Matrix 矩阵产品操作 OpenMDAO答案

【问题标题】：Matrix Matrix product operations OpenMDAOMatrix 矩阵产品操作 OpenMDAO
【发布时间】：2021-07-16 12:49:24
【问题描述】：

openmdao 或 dymos 是否具有类似于 MatrixVectorProductComp 的向量化矩阵-矩阵乘积组件？

我想对形状为 (nn,3,3) 的矩阵 A 乘以形状为 (nn,3,3) 的矩阵 B 进行矩阵乘法，输出是形状 ( nn,3,3)。

nn=2 的 2D 示例可能是：

A = np.array([[[1, 3], [0, 1]],[[-1, 7], [0, 1]]])
B = np.array([[[4, 1],  [2, 2]],[[2, 1],  [2, 3]]])

For the first node:
C[0,:,:] = np.matmul(A[0,:,:], B[0,:,:]) 
[[10  7]
 [ 2  2]]
And second Node
C[1,:,:] = np.matmul(A[1,:,:], B[1,:,:])
[[12 20]
 [ 2  3]]

有一个名为 MatrixVectorProductComp 的组件，它将一个矩阵乘以一个具有指定向量维度/节点的向量。我试图使用 np.einsum('nij,njk->nik', A, B) 对组件进行扩展以进行矩阵运算并提供其部分。但是，它在尝试 assert_check 其偏导数时崩溃（检查偏导返回一个空 {}）：

nn = 5 
model = om.Group()
ivc = om.IndepVarComp()
ivc.add_output(name='A', shape=(nn, 3, 3))
ivc.add_output(name='B', shape=(nn, 3, 3))

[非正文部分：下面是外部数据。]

(* Let $\mathcal{L}\subset\mathcal{L}_*$ be lineages with hierarchical generators $\mathcal{H},\mathcal{H}_*$, and assume $\mathcal{H}$ is linearly independent (as a set of functions on $\mathbb{R}^d$). Let $\mathcal{R}=\mathcal{L}_*\setminus\mathcal{L}$. Then for every $\varphi\in\mathcal{R}\cap\mathcal{H}$ there exist $k\ge1$ and $\varphi_*\in(\mathcal{H}_*\setminus\mathcal{H})\cap\mathrm{ch}^k(\varphi)$.
   Context: Fix integers $d\ge1$, $n\ge2$, $m\ge2$; $s=n-1$, $p=m-1$. B-splines $\varphi^\ell_{\vec i}(\vec x)=\prod_kQ(n^\ell x_k-i_k)$ on $\mathbb{R}^d$ for $\ell\ge0$, $\vec i\in\mathbb{Z}^d$, $Q$ the uniform B-spline of order $m$ with knots $0,\dots,m$; $\mathfrak{B}$ the set of all of them; $\mathcal{B}^0=\{\varphi^0_{\vec i}:\vec i\in[-p:0]^d\}$. Children $\mathrm{ch}(\varphi^\ell_{\vec i})=\{\varphi^{\ell+1}_{\vec k}:n\vec i\le\vec k\le n\vec i+sm\}$, extended to sets by union, $\mathrm{ch}^k$ the $k$-fold application. A lineage is a finite $\mathcal{L}\subset\mathfrak{B}$ with $\mathcal{L}\subset\mathcal{B}^0\cup\mathrm{ch}(\mathcal{L})$; its hierarchical generator is $(\mathcal{B}^0\cup\mathrm{ch}(\mathcal{L}))\setminus\mathcal{L}$. *)

From Stdlib Require Import Reals ZArith List Lia.
Import ListNotations.
Open Scope R_scope.

(* Uniform B-spline of order j with knots 0,1,...,j (Cox--de Boor recursion):
   Q_1 = indicator of [0,1),
   Q_j(x) = (x Q_{j-1}(x) + (j - x) Q_{j-1}(x-1)) / (j-1). *)
Fixpoint Qspline (j : nat) (x : R) : R :=
  match j with
  | O => 0
  | S O => if Rle_dec 0 x then (if Rlt_dec x 1 then 1 else 0) else 0
  | S ((S k) as j') =>
      (x * Qspline j' x + (INR j - x) * Qspline j' (x - 1)) / INR j'
  end.

(* A B-spline phi^l_i is indexed by its level l and its integer shift
   vector i in Z^d, represented as a list of length d. *)
Definition bspl : Type := (nat * list Z)%type.

Definition bset : Type := bspl -> Prop.

(* Points of R^d are given by their coordinates x_0,...,x_{d-1}
   (components beyond d-1 are ignored). *)
Definition prodR (d : nat) (f : nat -> R) : R :=
  fold_right Rmult 1 (map f (seq 0 d)).

Definition bfun (d n m : nat) (b : bspl) (x : nat -> R) : R :=
  prodR d (fun k => Qspline m (INR (n ^ fst b) * x k - IZR (nth k (snd b) 0%Z))).

Definition wf (d : nat) (b : bspl) : Prop := length (snd b) = d.

Definition B0 (d m : nat) : bset := fun b =>
  wf d b /\ fst b = O /\
  forall k, (k < d)%nat ->
    (- (Z.of_nat m - 1) <= nth k (snd b) 0 <= 0)%Z.

Definition child (d n m : nat) (a b : bspl) : Prop :=
  wf d a /\ wf d b /\ fst b = S (fst a) /\
  forall c, (c < d)%nat ->
    (Z.of_nat n * nth c (snd a) 0 <= nth c (snd b) 0 <=
       Z.of_nat n * nth c (snd a) 0 + (Z.of_nat n - 1) * Z.of_nat m)%Z.

Definition chS (d n m : nat) (S : bset) : bset := fun b =>
  exists a, S a /\ child d n m a b.

Fixpoint chk (d n m : nat) (k : nat) (S : bset) : bset :=
  match k with
  | O => S
  | S k' => chS d n m (chk d n m k' S)
  end.

Definition single (a : bspl) : bset := fun b => b = a.

Definition finite_set (S : bset) : Prop :=
  exists l : list bspl, forall b, S b <-> In b l.

Definition lineage (d n m : nat) (L : bset) : Prop :=
  finite_set L /\ forall b, L b -> B0 d m b \/ chS d n m L b.

Definition hgen (d n m : nat) (L : bset) : bset := fun b =>
  (B0 d m b \/ chS d n m L b) /\ ~ L b.

Definition lin_indep (d n m : nat) (H : bset) : Prop :=
  forall (l : list bspl) (c : bspl -> R),
    NoDup l -> (forall b, In b l -> H b) ->
    (forall x : nat -> R,
        fold_right Rplus 0 (map (fun b => c b * bfun d n m b x) l) = 0) ->
    forall b, In b l -> c b = 0.

From Stdlib Require Import Reals ZArith List Lia Lra Classical.
Import ListNotations.
Open Scope R_scope.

model.add_subsystem(name='ivc',
                           subsys=ivc,
                           promotes_outputs=['A', 'B'])

model.add_subsystem(name='mat_vec_product_comp',
                      subsys=MatrixMatrixProductComp(vec_size=nn))

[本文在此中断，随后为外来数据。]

(* Let $V$ be a finite dimensional real vector space and $n\in\mathbb N$. For $1\le k\le n$ let $\Gamma_k$ be a finitely generated cone in $V$ and $B_k$ a compact subset of $V$. Then there exists a compact subset $B$ of $V$ such that $$\bigcap_{k=1}^n(B_k+\Gamma_k)\subseteq B+\bigcap_{k=1}^n\Gamma_k.$$
   Context: A cone $\Gamma\subseteq V$ is finitely generated if there are finitely many $\omega_1,\dots,\omega_m\in V$ with $\Gamma=\sum_{j=1}^m\mathbb R_{\ge0}\omega_j$. *)

From HB Require Import structures.
From mathcomp Require Import all_boot all_order all_algebra.
From mathcomp Require Import all_classical all_reals all_analysis.
Set Implicit Arguments. Unset Strict Implicit. Unset Printing Implicit Defensive.
Import Order.TTheory GRing.Theory Num.Theory.
Import numFieldNormedType.Exports.
Local Open Scope classical_set_scope.
Local Open Scope ring_scope.

Definition fin_gen_cone (R : realType) (d : nat) (G : set 'rV[R]_d) : Prop :=
  exists (m : nat) (w : 'I_m -> 'rV[R]_d),
    G = [set v | exists c : 'I_m -> R,
                   (forall j, 0 <= c j) /\ v = \sum_(j < m) c j *: w j].

Definition mink_sum (R : realType) (d : nat) (A C : set 'rV[R]_d) : set 'rV[R]_d :=
  [set x | exists a, A a /\ exists c, C c /\ x = a + c].

(* Bound the B_k by M and fix generators w_kj of the cones. A point x of the
   intersection, written x = b_k + sum_j c_kj w_kj for every k, is encoded
   (with one extra homogenizing coordinate equal to 1) as a nonnegative
   vector y of a linear subspace P: the equations of P say that all these
   representations give the same point and that every coordinate of b_k is
   at most M times the homogenizing coordinate.  Every nonnegative y in P is
   a nonnegative combination of finitely many fixed nonnegative vectors of P,
   one for each possible support (a Caratheodory-type reduction), plus a
   nonnegative z in P with vanishing homogenizing coordinate.  Normalizing
   that coordinate makes the combination convex; z has all its b-parts equal
   to 0, so it encodes a point g of the intersection of the cones, and x - g
   lies in a box determined by the finitely many fixed vectors alone. *)

From HB Require Import structures.
From mathcomp Require Import all_boot all_order all_algebra.
From mathcomp Require Import all_classical all_reals all_analysis.
From mathcomp Require Import ring lra.
Import Order.TTheory GRing.Theory Num.Theory.
Local Open Scope ring_scope.

Definition nonneg_span {R : realType} {d m} (w : 'I_m -> 'rV[R]_d) : set 'rV[R]_d :=
  [set v | exists c : 'I_m -> R, (forall j, 0 <= c j) /\ v = \sum_(j < m) c j *: w j].

Lemma coord_norm_le {R : realType} {d} (v : 'rV[R]_d) i : `|v ord0 i| <= `|v|.
Proof.
have /mapP[j _ ->] : `|v ord0 i| \in [seq `|v x.1 x.2| | x : 'I_1 * 'I_d].
  by apply/mapP; exists (ord0, i) => //=; rewrite mem_enum.
by rewrite [leRHS]/Num.Def.normr /= mx_normrE; apply/bigmax_geP; right; exists j.
Qed.

Section ConeDecomposition.
Variables (R : realType) (I : finType) (i0 : I) (P : {ffun I -> R} -> Prop).
Hypothesis P_subr : forall (t : R) {y e}, P y -> P e -> P (y - t *: e).

Definition supp (y : {ffun I -> R}) := [set i | y i != 0].

Definition basic_ray (S : {set I}) (e : {ffun I -> R}) :=
  [/\ P e, forall i, 0 <= e i, e i0 = 1 & supp e = S].

Definition ray (S : {set I}) : {ffun I -> R} :=
  if pselect (exists e, basic_ray S e) is left h then projT1 (cid h) else 0.

Lemma rayP S : (exists e, basic_ray S e) -> basic_ray S (ray S).
Proof. by rewrite /ray; case: pselect => // h _; exact: projT2 (cid h). Qed.

Lemma P_scale c y : P y -> P (c *: y).
Proof.
by move=> Py; have := P_subr (1 - c) Py Py; rewrite scalerBl scale1r opprB addrC subrK.
Qed.

Lemma ray_supp {y} : P y -> (forall i, 0 <= y i) -> y i0 != 0 ->
  basic_ray (supp y) (ray (supp y)).
Proof.
move=> Py y_ge0 yi0; apply: rayP; exists ((y i0)^-1 *: y); split.
- exact: P_scale.
- by move=> i; rewrite ffunE mulr_ge0 // invr_ge0.
- by rewrite ffunE [_ *: _]mulVf.
- by apply/setP => i; rewrite !inE ffunE mulf_eq0 negb_or invr_eq0 yi0.
Qed.

(* Subtracting the largest multiple of [ray (supp y)] that keeps [y]
   nonnegative kills at least one coordinate of the support. *)
Lemma ray_sub_step {y} : P y -> (forall i, 0 <= y i) -> y i0 != 0 ->
  exists2 t : R, 0 <= t & let y' := y - t *: ray (supp y) in
    [/\ P y', forall i, 0 <= y' i & (#|supp y'| < #|supp y|)%N].
Proof.
move=> Py y_ge0 yi0.
have [Pe e_ge0 ei0 se] := ray_supp Py y_ge0 yi0.
set S := supp y in Pe e_ge0 ei0 se *; set e := ray S in Pe e_ge0 ei0 se *.
have i0S : i0 \in S by rewrite inE.
have [im imS t_min] := arg_minP (fun i => y i / e i) i0S.
set t := y im / e im in t_min *.
have y_gt0 i : i \in S -> 0 < y i by rewrite inE lt0r y_ge0 andbT.
have e_gt0 i : i \in S -> 0 < e i by rewrite -se inE lt0r e_ge0 andbT.
have yS i : i \notin S -> y i = 0 by rewrite inE negbK => /eqP.
have eS i : i \notin S -> e i = 0 by rewrite -se inE negbK => /eqP.
have y'E i : (y - t *: e) i = y i - t * e i by rewrite !ffunE.
exists t; first by rewrite divr_ge0 // ltW ?y_gt0 ?e_gt0.
split=> [|i|]; first exact: P_subr.
  rewrite y'E subr_ge0; have [iS|iS] := boolP (i \in S).
    by rewrite -ler_pdivlMr ?e_gt0 ?t_min.
  by rewrite yS // eS // mulr0.
have supp_sub : supp (y - t *: e) \subset S :\ im.
  apply/fintype.subsetP => i; rewrite !inE y'E; apply: contraR.
  rewrite negb_and negbK => /orP[/eqP->|iS].
    by rewrite /t divfK ?subrr // gt_eqF ?e_gt0.
  by rewrite yS ?eS ?inE // mulr0 subrr.
apply: leq_ltn_trans (subset_leq_card supp_sub) _.
by rewrite (cardsD1 im S) (imS : im \in S).
Qed.

Lemma ray_decomposition {y} : P y -> (forall i, 0 <= y i) ->
  exists t : {set I} -> R, exists2 z : {ffun I -> R},
    [/\ forall S, 0 <= t S, forall S, t S = 0 \/ ray S i0 = 1,
        P z, forall i, 0 <= z i & z i0 = 0] & y = \sum_S t S *: ray S + z.
Proof.
have [N] := ubnP #|supp y|; elim: N y => // N IH y /ltnSE le_yN Py y_ge0.
have [yi0|yi0] := eqVneq (y i0) 0.
  exists (fun=> 0), y; first by split=> // S; left.
  by rewrite big1 ?add0r // => S _; rewrite scale0r.
have [t0 t0_ge0 [Py' y'_ge0 lt_supp]] := ray_sub_step Py y_ge0 yi0.
have [|t [z [t_ge0 t_ray Pz z_ge0 zi0] y'E]] := IH _ _ Py' y'_ge0.
  exact: leq_trans lt_supp le_yN.
exists (fun S => t S + (if S == supp y then t0 else 0)), z.
  split=> // S; first by rewrite addr_ge0 //; case: eqP.
  case: eqP => [->|_]; last by rewrite addr0.
  by right; have [_ _ -> _] := ray_supp Py y_ge0 yi0.
under eq_bigr do rewrite scalerDl.
rewrite big_split /= -addrA [_ + z]addrC addrA -y'E.
rewrite (bigD1 (supp y)) //= eqxx big1 ?addr0 ?subrK // => S /negPf ->.
by rewrite scale0r.
Qed.

Lemma ray_convex_decomposition {y} : P y -> (forall i, 0 <= y i) -> y i0 = 1 ->
  exists t : {set I} -> R, exists2 z : {ffun I -> R},
    [/\ forall S, 0 <= t S, \sum_S t S = 1, P z, forall i, 0 <= z i & z i0 = 0]
    & y = \sum_S t S *: ray S + z.
Proof.
move=> Py y_ge0 yi0.
have [t [z [t_ge0 t_ray Pz z_ge0 zi0] yE]] := ray_decomposition Py y_ge0.
exists t, z => //; split=> //.
rewrite -yi0 yE !ffunE zi0 addr0 sum_ffunE; apply: eq_bigr => S _.
by rewrite ffunE -[t S *: _]/(t S * _); case: (t_ray S) => ->; rewrite ?mul0r ?mulr1.
Qed.
End ConeDecomposition.
Arguments ray {R I} i0 P S.
Arguments ray_convex_decomposition {R I} i0 {P} P_subr {y}.

Section Encoding.
Variables (R : realType) (d n : nat) (m : 'I_n -> nat).
Variables (w : forall k, 'I_(m k) -> 'rV[R]_d) (M : R).

(* Coordinates: [None] is the homogenizing one; [(k, i, Some true)],
   [(k, i, Some false)] and [(k, i, None)] are the positive part, the
   negative part and the slack of the i-th coordinate of b_k; [(k; j)] is
   the coefficient of w k j. *)
Local Notation var :=
  (option (('I_n * 'I_d * option bool) + {k : 'I_n & 'I_(m k)})).

Definition coef (y : {ffun var -> R}) k (j : 'I_(m k)) : R :=
  y (Some (inr (Tagged (fun k => 'I_(m k)) j))).
Definition part (y : {ffun var -> R}) k i o : R := y (Some (inl (k, i, o))).

Definition point k (y : {ffun var -> R}) : 'rV[R]_d :=
  \row_i (part y k i (Some true) - part y k i (Some false))
  + \sum_(j < m k) coef y k j *: w k j.

Lemma point_is_linear k : linear (point k).
Proof.
move=> a y z; rewrite /point scalerDr scaler_sumr addrACA -big_split /=.
congr (_ + _).
  by apply/rowP => i; rewrite !mxE /part !ffunE -![a *: _]/(a * _); ring.
by apply: eq_bigr => j _; rewrite /coef !ffunE scalerDl scalerA.
Qed.

HB.instance Definition _ k :=
  GRing.isLinear.Build R {ffun var -> R} 'rV[R]_d *:%R (point k) (point_is_linear k).

Definition feasible (y : {ffun var -> R}) :=
  (forall k k', point k y = point k' y) /\
  (forall k i, part y k i (Some true) + part y k i (Some false) + part y k i None
               = M * y None).

Lemma feasible_subr (t : R) y e : feasible y -> feasible e -> feasible (y - t *: e).
Proof.
move=> [yk yM] [ek eM]; split=> [k k'|k i].
  by rewrite !linearB !linearZ /= (yk k k') (ek k k').
move: (yM k i) (eM k i); rewrite /part !ffunE => {}yM {}eM.
rewrite -![t *: _]/(t * _) mulrBr -yM mulrCA -eM; lra.
Qed.

Section Lift.
Variables (b : 'I_n -> 'rV[R]_d) (c : forall k, 'I_(m k) -> R).

Definition lift : {ffun var -> R} := [ffun v => match v with
  | None => 1
  | Some (inl (k, i, Some true)) => (`|b k ord0 i| + b k ord0 i) / 2
  | Some (inl (k, i, Some false)) => (`|b k ord0 i| - b k ord0 i) / 2
  | Some (inl (k, i, None)) => M - `|b k ord0 i|
  | Some (inr (existT k j)) => c k j end].

Lemma point_lift k : point k lift = b k + \sum_(j < m k) c k j *: w k j.
Proof.
rewrite /point /coef; under eq_bigr do rewrite ffunE /=.
by congr (_ + _); apply/rowP => i; rewrite mxE /part !ffunE /=; lra.
Qed.

Lemma feasible_lift x : (forall k, x = b k + \sum_(j < m k) c k j *: w k j) ->
  feasible lift.
Proof.
move=> xE; split=> [k k'|k i]; first by rewrite !point_lift -!xE.
by rewrite /part !ffunE mulr1; lra.
Qed.

Lemma lift_ge0 : (forall k, `|b k| <= M) -> (forall k j, 0 <= c k j) ->
  forall v, 0 <= lift v.
Proof.
move=> bM c_ge0 [[[[k i] [[]|]]|[k j]]|]; rewrite ffunE //=.
- by have := ler_norm (- b k ord0 i); rewrite normrN; lra.
- by have := ler_norm (b k ord0 i); lra.
- by have := coord_norm_le (b k) i; have := bM k; lra.
Qed.
End Lift.
Arguments feasible_lift {b c x}.
Arguments lift_ge0 {b c}.

Lemma point_homog0 z k : feasible z -> (forall v, 0 <= z v) -> z None = 0 ->
  point k z = \sum_(j < m k) coef z k j *: w k j.
Proof.
move=> [_ zM] z_ge0 z0; rewrite /point; set r := \row_i _.
suff -> : r = 0 by rewrite add0r.
apply/rowP => i; rewrite !mxE; move: (zM k i); rewrite z0 mulr0 /part.
have := z_ge0 (Some (inl (k, i, Some true))).
have := z_ge0 (Some (inl (k, i, Some false))).
have := z_ge0 (Some (inl (k, i, None))).
lra.
Qed.

Variable k0 : 'I_n.

Definition radius i : R := \sum_S `|point k0 (ray None feasible S) ord0 i|.

Lemma remainder_bounded x b c : (forall k, `|b k| <= M) -> (forall k j, 0 <= c k j) ->
  (forall k, x = b k + \sum_(j < m k) c k j *: w k j) ->
  exists g, (forall k, nonneg_span (w k) g) /\ forall i, `|(x - g) ord0 i| <= radius i.
Proof.
move=> bM c_ge0 xE.
have lift1 : lift b c None = 1 by rewrite ffunE.
have [t [z [t_ge0 t_sum Pz z_ge0 z0] liftE]] := ray_convex_decomposition None
  feasible_subr (feasible_lift xE) (lift_ge0 bM c_ge0) lift1.
exists (point k0 z); split=> [k|i].
  rewrite (proj1 Pz k0 k) point_homog0 //; exists (coef z k); split=> // j.
  exact: z_ge0.
have -> : x - point k0 z = \sum_S t S *: point k0 (ray None feasible S).
  rewrite (xE k0) -point_lift liftE linearD linear_sum /= addrK.
  by under eq_bigr do rewrite linearZ.
rewrite summxE; apply: le_trans (ler_norm_sum _ _ _) _; apply: ler_sum => S _.
rewrite mxE normrM ger0_norm // ler_piMl //.
by rewrite -t_sum (bigD1 S) //= lerDl sumr_ge0.
Qed.
End Encoding.
Arguments radius {R d n m} w M k0 i.
Arguments remainder_bounded {R d n m} w M k0 x b c.

Import numFieldNormedType.Exports.
Local Open Scope classical_set_scope.

Lemma compact_family_norm_bounded {R : realType} {I : finType}
    {V : normedModType R} {A : I -> set V} :
  (forall i, compact (A i)) -> exists M : R, forall i x, A i x -> `|x| <= M.
Proof.
move=> A_compact; have A_bounded i := compact_bounded (A_compact i).
have [M MA] : exists M : R, forall i, globally (A i) [set x | `|x| <= M].
  apply: (@filter_ex _ (pinfty_nbhs R)).
  exact: (@filter_forall _ _ (fun i M => globally (A i) [set x | `|x| <= M]) _ _ A_bounded).
by exists M => i x; exact: MA.
Qed.

Lemma fin_gen_cone_generators {R : realType} {d} {I : Type} {G : I -> set 'rV[R]_d} :
  (forall i, fin_gen_cone (G i)) ->
  exists (m : I -> nat) (w : forall i, 'I_(m i) -> 'rV[R]_d),
    forall i, G i = nonneg_span (w i).
Proof.
move=> G_fg; exists (fun i => projT1 (cid (G_fg i))).
exists (fun i => projT1 (cid (projT2 (cid (G_fg i))))) => i.
exact: projT2 (cid (projT2 (cid (G_fg i)))).
Qed.

Theorem lemma3p13 (R : realType) (d n : nat)
  (Gam : 'I_n -> set 'rV[R]_d) (Bk : 'I_n -> set 'rV[R]_d) :
  (forall k, fin_gen_cone (Gam k)) ->
  (forall k, compact (Bk k)) ->
  exists B : set 'rV[R]_d, compact B /\
    \bigcap_(k in [set: 'I_n]) mink_sum (Bk k) (Gam k) `<=` mink_sum B (\bigcap_(k in [set: 'I_n]) Gam k).
Proof.
move=> Gam_fg Bk_compact.
have [n0|n_gt0] := posnP n.
  exists [set 0]; split=> [|x _]; first exact: compact_set1.
  exists 0; split=> //; exists x; split; last by rewrite add0r.
  by move=> k; have := ltn_ord k; rewrite {2}n0.
have [m [w GamE]] := fin_gen_cone_generators Gam_fg.
have [M BkM] := compact_family_norm_bounded Bk_compact.
pose K := radius w M (Ordinal n_gt0).
exists [set v | forall i, `[- K i, K i]%classic (v ord0 i)]; split.
  apply: (@rV_compact _ _ (fun i => `[- K i, K i]%classic)) => i.
  exact: segment_compact.
move=> x x_in; have x_dec k : exists p : 'rV[R]_d * ('I_(m k) -> R),
    [/\ Bk k p.1, forall j, 0 <= p.2 j & x = p.1 + \sum_(j < m k) p.2 j *: w k j].
  have [b [Bb [g [+ ->]]]] := x_in k I.
  by rewrite GamE => -[c [c_ge0 ->]]; exists (b, c).
pose b k := (projT1 (cid (x_dec k))).1.
pose c k := (projT1 (cid (x_dec k))).2.
have bc_spec k : [/\ Bk k (b k), forall j, 0 <= c k j
                   & x = b k + \sum_(j < m k) c k j *: w k j].
  exact: projT2 (cid (x_dec k)).
have [|||g [g_span g_near]] := remainder_bounded w M (Ordinal n_gt0) x b c.
- by move=> k; have [Bb _ _] := bc_spec k; exact: BkM Bb.
- by move=> k; have [] := bc_spec k.
- by move=> k; have [] := bc_spec k.
exists (x - g); split; last by exists g; split=> [k _|]; rewrite ?GamE ?subrK.
by move=> i; rewrite /= in_itv /= -ler_norml.
Qed.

model.connect('A', 'mat_vec_product_comp.A')
model.connect('B', 'mat_vec_product_comp.B')

p = om.Problem(model)
p.setup(force_alloc_complex=True)

p['A'] = np.random.rand(nn, 3, 3)
p['B'] = np.random.rand(nn, 3, 3)

p.run_model()
cpd = p.check_partials(compact_print=False, method='cs')
assert_check_partials(cpd, atol=1.0E-6, rtol=1.0E-6)

Traceback（最近一次调用最后一次）：文件 "C:/tools/OpenMDAO/openmdao/components/matrix_matrix_product_comp.py", 第 294 行，在 assert_check_partials(cpd, atol=1.0E-6, rtol=1.0E-6) 文件“c:\tools\dymos\dymos\utils\testing_utils.py”，第 12 行，在 assert_check_partials assert len(data) >= 1, "No check partials data found. Is " \ AssertionError: No check partials data found.是 dymos.options['include_check_partials'] 设置为 True？

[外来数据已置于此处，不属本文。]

Lemma path_ev_split S h t m x : (t <= m)%N ->
  path_ev S h t.+1 m `&` [set w | X t w = x] =
  if S t x then path_ev S (upd h t x) t m else set0.
Proof.
move=> tm; apply/seteqP; split => w.
  move=> [[HA HE] Hx]; case: ifP => Sx; last by have := HA t (ltnSn t); rewrite Hx Sx.
  split => [s st|s /andP [ts sm]]; first exact/HA/ltnW.
  by rewrite /upd; case: eqVneq => [->//|st]; apply: HE; rewrite sm andbT ltn_neqAle eq_sym st.
case: ifP => Sx //= [HA HE].
have Xt : X t w = x by rewrite HE ?leqnn ?tm // /upd eqxx.
split=> //; split => [s|s /andP [ts sm]].
  by rewrite ltnS leq_eqVlt => /orP [/eqP ->|]; [rewrite Xt | exact: HA].
by rewrite HE ?sm ?(ltnW ts) // /upd gtn_eqF.
Qed.

(* Proved while the chain is only known to stay in [reach] up to [t0]: [off_reach_null]
   below establishes that hypothesis by induction on [t0]. *)
Section ReachAS.
Variable t0 : nat.
Hypothesis reach_before : forall s, (s <= t0)%N -> P (off_reach s) = 0%E.

Lemma pr_path_ev_split S h t m : (t <= t0)%N -> (t <= m)%N ->
  pr (path_ev S h t.+1 m) = \sum_(x <- reach t) (S t x)%:R * pr (path_ev S (upd h t x) t m).
Proof.
move=> tt0 tm; rewrite (pr_split_reach (reach_before tt0) (measurable_path_ev _ _ _ _)).
apply: eq_bigr => x _; rewrite path_ev_split //.
by case: (S t x); rewrite ?mul1r ?mul0r ?(pr0 P).
Qed.

Lemma pr_path_evS t S h m : (t <= t0.+1)%N -> (t <= m)%N ->
  pr (path_ev S h t m.+1) = pr (path_ev S h t m) * trans v A q (h m) (h m.+1).
Proof.
elim: t S h m => [|t IH] S h m tt0 tm; first by rewrite !path_ev0 pr_cylS.
have tt0' : (t <= t0)%N by rewrite -ltnS.
have tm' : (t <= m)%N := ltnW tm.
rewrite (pr_path_ev_split _ _ tt0' (leqW tm')) (pr_path_ev_split _ _ tt0' tm').
rewrite big_distrl /=; apply: eq_bigr => x _.
by rewrite IH ?(ltnW tt0) // /upd !gtn_eqF ?mulrA // (ltnW tm).
Qed.

Lemma expect_onS_upto S g :
  expect_on t0.+1 S g = expect_on t0 S (fun x => (S t0 x)%:R * next_mean v A q g x).
Proof.
rewrite /expect_on.
have E1 y : pr (path_ev S (fun=> y) t0.+1 t0.+1) =
    \sum_(x <- reach t0) (S t0 x)%:R * pr (path_ev S (fun=> x) t0 t0) * trans v A q x y.
  rewrite pr_path_ev_split //; apply: eq_bigr => x _.
  rewrite pr_path_evS // (@eq_path_ev _ _ (fun=> x)); last first.
    by move=> s /andP [h1 h2]; rewrite /upd (_ : s = t0) ?eqxx //; lia.
  by rewrite /upd eqxx gtn_eqF // mulrA.
under eq_bigr => y _ do rewrite E1 big_distrl /=.
rewrite exchange_big /= big_seq [in RHS]big_seq; apply: eq_bigr => x xR.
rewrite -(sum_trans v A q g (reach_uniq n t0.+1) (reach_self xR) (fun i => reach_incr i xR)).
by rewrite !big_distrr /=; apply: eq_bigr => y _; ring.
Qed.

End ReachAS.

Lemma path_ev_guard S t x : path_ev S (fun=> x) t t = guard_ev S t `&` [set w | X t w = x].
Proof.
apply/seteqP; split => w [HA HE]; split => //; first by apply: HE; rewrite leqnn.
by move=> s /andP [h1 h2]; rewrite (_ : s = t) //; lia.
Qed.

MatrixMatrixProductComp 代码：

"""Definition of the Matrix Matrix Product Component."""


import numpy as np
import scipy.linalg as spla

from openmdao.core.explicitcomponent import ExplicitComponent


class MatrixMatrixProductComp(ExplicitComponent):
    """
    Computes a vectorized matrix-vector product.

    math::
        b = np.dot(A, B)

    where A is of shape (vec_size, n, m)
          B is of shape (vec_size, m,p)
          b is of shape (vec_size, n,p)

    if vec_size > 1 and

    where A is of shape (n, m)
          B is of shape (m,p)
          b is of shape (n,p)

    otherwise.

    The size of vectors x and b is determined by the number of rows in m at each point.

    Attributes
    ----------
    _products : list
        Cache the data provided during `add_product`
        so everything can be saved until setup is called.
    """

    def __init__(self, **kwargs):
        """
        Initialize the Matrix Vector Product component.

        Parameters
        ----------
        **kwargs : dict of keyword arguments
            Keyword arguments that will be mapped into the Component options.
        """
        super().__init__(**kwargs)

        self._products = []

        opt = self.options
        self.add_product(b_name=opt['b_name'], A_name=opt['A_name'], B_name=opt['B_name'],
                         b_units=opt['b_units'], A_units=opt['A_units'], B_units=opt['B_units'],
                         vec_size=opt['vec_size'], A_shape=opt['A_shape'], B_shape=opt['B_shape'])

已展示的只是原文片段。